_Problem details_. For the data below, give again exactly the lines from the one containing "apply/setP=> u; rewrite /terminals" through the one containing "pose Q := [set", both ends included, and no others.

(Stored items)
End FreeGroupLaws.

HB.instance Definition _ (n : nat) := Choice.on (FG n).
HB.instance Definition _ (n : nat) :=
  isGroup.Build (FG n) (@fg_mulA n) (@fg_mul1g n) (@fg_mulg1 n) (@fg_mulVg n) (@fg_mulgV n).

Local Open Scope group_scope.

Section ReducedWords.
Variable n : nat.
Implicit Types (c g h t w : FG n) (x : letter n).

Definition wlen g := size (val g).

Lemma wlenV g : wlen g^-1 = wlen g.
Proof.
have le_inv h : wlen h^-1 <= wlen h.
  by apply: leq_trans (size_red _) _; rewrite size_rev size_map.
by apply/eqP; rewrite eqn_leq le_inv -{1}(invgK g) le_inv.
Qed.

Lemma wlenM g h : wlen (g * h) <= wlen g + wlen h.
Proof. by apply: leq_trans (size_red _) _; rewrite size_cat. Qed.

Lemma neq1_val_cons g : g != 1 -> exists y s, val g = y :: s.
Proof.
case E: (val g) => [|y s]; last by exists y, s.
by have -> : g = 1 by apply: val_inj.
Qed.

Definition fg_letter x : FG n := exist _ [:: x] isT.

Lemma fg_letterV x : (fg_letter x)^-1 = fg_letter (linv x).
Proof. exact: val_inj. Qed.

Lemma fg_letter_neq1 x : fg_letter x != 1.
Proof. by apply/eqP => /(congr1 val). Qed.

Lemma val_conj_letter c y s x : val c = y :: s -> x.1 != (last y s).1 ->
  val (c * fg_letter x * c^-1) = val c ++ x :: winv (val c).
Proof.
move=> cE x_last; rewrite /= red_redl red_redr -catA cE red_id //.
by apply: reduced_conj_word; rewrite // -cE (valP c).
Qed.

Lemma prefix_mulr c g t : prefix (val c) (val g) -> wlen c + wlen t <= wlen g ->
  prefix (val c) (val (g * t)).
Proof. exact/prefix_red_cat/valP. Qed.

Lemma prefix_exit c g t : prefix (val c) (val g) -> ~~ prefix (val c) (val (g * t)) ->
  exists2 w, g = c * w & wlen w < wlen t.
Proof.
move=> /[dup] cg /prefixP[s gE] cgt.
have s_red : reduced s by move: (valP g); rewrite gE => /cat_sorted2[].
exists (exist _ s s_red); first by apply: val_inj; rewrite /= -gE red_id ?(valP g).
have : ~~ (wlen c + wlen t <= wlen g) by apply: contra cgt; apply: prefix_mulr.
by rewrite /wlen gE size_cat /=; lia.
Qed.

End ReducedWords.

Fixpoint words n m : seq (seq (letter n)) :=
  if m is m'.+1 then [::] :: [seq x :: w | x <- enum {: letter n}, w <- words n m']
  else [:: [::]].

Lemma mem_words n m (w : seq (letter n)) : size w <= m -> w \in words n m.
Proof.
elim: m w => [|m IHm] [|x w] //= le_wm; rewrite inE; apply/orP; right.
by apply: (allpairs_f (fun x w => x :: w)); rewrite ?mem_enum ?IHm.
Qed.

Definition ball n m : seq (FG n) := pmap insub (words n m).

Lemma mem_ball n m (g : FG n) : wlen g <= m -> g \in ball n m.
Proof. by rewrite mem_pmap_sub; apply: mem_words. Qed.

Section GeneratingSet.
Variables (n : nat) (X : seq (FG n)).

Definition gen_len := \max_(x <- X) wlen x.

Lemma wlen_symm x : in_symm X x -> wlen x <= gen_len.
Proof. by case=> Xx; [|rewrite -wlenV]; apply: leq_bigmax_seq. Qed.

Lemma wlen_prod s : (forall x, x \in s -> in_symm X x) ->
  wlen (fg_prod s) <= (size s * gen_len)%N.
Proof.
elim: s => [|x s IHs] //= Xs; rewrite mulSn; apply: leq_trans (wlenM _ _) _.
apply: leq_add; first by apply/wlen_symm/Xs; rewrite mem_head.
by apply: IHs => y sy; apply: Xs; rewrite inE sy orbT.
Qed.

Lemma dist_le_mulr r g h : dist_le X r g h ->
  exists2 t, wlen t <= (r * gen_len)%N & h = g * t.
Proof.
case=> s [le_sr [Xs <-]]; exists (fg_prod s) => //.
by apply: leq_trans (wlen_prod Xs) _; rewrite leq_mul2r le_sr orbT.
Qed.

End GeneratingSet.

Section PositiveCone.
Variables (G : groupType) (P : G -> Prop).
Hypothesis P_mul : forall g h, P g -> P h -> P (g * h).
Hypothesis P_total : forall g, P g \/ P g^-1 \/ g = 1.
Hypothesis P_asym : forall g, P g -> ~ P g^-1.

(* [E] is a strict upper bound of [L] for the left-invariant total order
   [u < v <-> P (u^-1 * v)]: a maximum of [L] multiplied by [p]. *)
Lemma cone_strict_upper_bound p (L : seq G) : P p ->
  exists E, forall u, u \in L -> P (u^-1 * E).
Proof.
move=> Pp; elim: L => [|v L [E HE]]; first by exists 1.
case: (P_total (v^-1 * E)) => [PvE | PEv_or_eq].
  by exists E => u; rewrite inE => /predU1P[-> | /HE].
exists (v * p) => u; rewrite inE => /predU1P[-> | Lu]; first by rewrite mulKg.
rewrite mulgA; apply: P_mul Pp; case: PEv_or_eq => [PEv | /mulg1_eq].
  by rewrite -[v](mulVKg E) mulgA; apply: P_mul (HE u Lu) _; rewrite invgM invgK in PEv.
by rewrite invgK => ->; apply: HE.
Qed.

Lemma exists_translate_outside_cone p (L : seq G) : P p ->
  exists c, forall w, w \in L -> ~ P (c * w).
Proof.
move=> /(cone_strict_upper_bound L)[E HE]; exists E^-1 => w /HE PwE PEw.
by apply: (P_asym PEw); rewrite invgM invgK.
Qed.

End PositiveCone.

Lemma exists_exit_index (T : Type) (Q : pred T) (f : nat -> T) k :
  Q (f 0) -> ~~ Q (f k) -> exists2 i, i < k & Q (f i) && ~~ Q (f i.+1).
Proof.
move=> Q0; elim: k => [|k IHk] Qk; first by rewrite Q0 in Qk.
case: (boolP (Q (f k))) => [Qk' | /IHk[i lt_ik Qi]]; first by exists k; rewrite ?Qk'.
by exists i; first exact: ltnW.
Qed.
==
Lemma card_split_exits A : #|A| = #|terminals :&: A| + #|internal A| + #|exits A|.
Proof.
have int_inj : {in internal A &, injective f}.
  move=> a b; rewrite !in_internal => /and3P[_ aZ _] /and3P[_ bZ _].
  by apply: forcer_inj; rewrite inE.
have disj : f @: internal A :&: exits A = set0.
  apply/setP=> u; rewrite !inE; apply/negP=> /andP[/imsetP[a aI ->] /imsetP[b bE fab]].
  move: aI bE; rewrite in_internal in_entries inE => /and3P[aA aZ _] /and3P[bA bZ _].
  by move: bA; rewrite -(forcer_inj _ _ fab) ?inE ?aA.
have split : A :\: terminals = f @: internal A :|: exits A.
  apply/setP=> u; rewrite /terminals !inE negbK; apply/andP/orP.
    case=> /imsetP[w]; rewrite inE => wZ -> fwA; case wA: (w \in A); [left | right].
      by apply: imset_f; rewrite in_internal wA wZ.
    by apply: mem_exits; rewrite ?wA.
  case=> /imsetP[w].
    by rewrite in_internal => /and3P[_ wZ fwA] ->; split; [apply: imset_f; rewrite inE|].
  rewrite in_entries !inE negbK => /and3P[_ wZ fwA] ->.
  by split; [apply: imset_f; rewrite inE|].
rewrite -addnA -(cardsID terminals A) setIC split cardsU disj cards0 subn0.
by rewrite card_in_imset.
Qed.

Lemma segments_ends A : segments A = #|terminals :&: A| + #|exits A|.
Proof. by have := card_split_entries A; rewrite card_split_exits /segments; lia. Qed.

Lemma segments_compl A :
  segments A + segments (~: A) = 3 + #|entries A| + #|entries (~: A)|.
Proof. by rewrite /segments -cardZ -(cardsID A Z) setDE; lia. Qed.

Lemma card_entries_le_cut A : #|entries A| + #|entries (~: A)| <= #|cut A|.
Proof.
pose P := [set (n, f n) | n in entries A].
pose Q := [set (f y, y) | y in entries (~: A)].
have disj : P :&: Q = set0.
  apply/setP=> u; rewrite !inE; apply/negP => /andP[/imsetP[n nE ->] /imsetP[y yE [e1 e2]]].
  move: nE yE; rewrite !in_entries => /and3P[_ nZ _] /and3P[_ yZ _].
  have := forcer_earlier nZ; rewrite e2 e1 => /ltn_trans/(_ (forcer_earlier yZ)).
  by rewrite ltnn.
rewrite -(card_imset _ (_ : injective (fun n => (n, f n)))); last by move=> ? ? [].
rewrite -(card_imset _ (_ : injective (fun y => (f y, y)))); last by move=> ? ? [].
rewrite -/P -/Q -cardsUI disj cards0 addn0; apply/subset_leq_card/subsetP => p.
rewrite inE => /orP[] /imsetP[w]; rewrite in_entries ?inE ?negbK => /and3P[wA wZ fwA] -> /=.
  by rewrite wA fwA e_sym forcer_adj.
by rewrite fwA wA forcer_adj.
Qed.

_Output for this exercise_.
  apply/setP=> u; rewrite /terminals !inE negbK; apply/andP/orP.
    case=> /imsetP[w]; rewrite inE => wZ -> fwA; case wA: (w \in A); [left | right].
      by apply: imset_f; rewrite in_internal wA wZ.
    by apply: mem_exits; rewrite ?wA.
  case=> /imsetP[w].
    by rewrite in_internal => /and3P[_ wZ fwA] ->; split; [apply: imset_f; rewrite inE|].
  rewrite in_entries !inE negbK => /and3P[_ wZ fwA] ->.
  by split; [apply: imset_f; rewrite inE|].
rewrite -addnA -(cardsID terminals A) setIC split cardsU disj cards0 subn0.
by rewrite card_in_imset.
Qed.

Lemma segments_ends A : segments A = #|terminals :&: A| + #|exits A|.
Proof. by have := card_split_entries A; rewrite card_split_exits /segments; lia. Qed.

Lemma segments_compl A :
  segments A + segments (~: A) = 3 + #|entries A| + #|entries (~: A)|.
Proof. by rewrite /segments -cardZ -(cardsID A Z) setDE; lia. Qed.

Lemma card_entries_le_cut A : #|entries A| + #|entries (~: A)| <= #|cut A|.
Proof.
pose P := [set (n, f n) | n in entries A].
pose Q := [set (f y, y) | y in entries (~: A)].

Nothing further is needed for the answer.